Aim of the task: Among the entries, find each line that includes the string "with" and list it.

*** Data provided Section Begins ***

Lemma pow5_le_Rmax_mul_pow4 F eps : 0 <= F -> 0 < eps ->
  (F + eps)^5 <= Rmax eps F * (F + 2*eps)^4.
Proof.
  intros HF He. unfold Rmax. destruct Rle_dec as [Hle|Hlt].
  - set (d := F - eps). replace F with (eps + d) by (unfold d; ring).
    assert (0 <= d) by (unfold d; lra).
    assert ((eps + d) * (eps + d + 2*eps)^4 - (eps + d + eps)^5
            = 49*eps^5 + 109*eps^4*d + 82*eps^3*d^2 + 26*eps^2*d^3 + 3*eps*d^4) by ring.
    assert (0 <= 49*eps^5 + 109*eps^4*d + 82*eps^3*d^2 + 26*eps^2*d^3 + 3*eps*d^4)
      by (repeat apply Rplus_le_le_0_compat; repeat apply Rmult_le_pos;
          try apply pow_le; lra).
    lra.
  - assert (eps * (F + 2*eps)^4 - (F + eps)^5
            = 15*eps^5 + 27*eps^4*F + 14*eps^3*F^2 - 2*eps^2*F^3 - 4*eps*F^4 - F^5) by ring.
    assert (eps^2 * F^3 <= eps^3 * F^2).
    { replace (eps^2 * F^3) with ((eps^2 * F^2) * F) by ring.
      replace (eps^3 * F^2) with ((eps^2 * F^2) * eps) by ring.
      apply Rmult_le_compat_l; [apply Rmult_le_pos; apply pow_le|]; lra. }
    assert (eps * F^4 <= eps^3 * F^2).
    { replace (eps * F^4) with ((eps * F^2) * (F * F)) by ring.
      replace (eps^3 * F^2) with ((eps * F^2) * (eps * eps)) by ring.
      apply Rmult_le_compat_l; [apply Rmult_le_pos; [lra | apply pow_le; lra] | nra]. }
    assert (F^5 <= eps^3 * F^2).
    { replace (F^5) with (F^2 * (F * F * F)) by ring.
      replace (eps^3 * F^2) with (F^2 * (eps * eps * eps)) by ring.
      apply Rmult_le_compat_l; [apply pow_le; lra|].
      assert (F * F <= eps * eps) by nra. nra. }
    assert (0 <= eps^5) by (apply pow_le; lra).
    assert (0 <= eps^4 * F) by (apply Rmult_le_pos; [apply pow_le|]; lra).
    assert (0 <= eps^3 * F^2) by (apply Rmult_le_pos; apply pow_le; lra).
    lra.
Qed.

*** Data provided Section Ends ***

Task response:
  - set (d := F - eps). replace F with (eps + d) by (unfold d; ring).
    { replace (eps^2 * F^3) with ((eps^2 * F^2) * F) by ring.
      replace (eps^3 * F^2) with ((eps^2 * F^2) * eps) by ring.
    { replace (eps * F^4) with ((eps * F^2) * (F * F)) by ring.
      replace (eps^3 * F^2) with ((eps * F^2) * (eps * eps)) by ring.
    { replace (F^5) with (F^2 * (F * F * F)) by ring.
      replace (eps^3 * F^2) with (F^2 * (eps * eps * eps)) by ring.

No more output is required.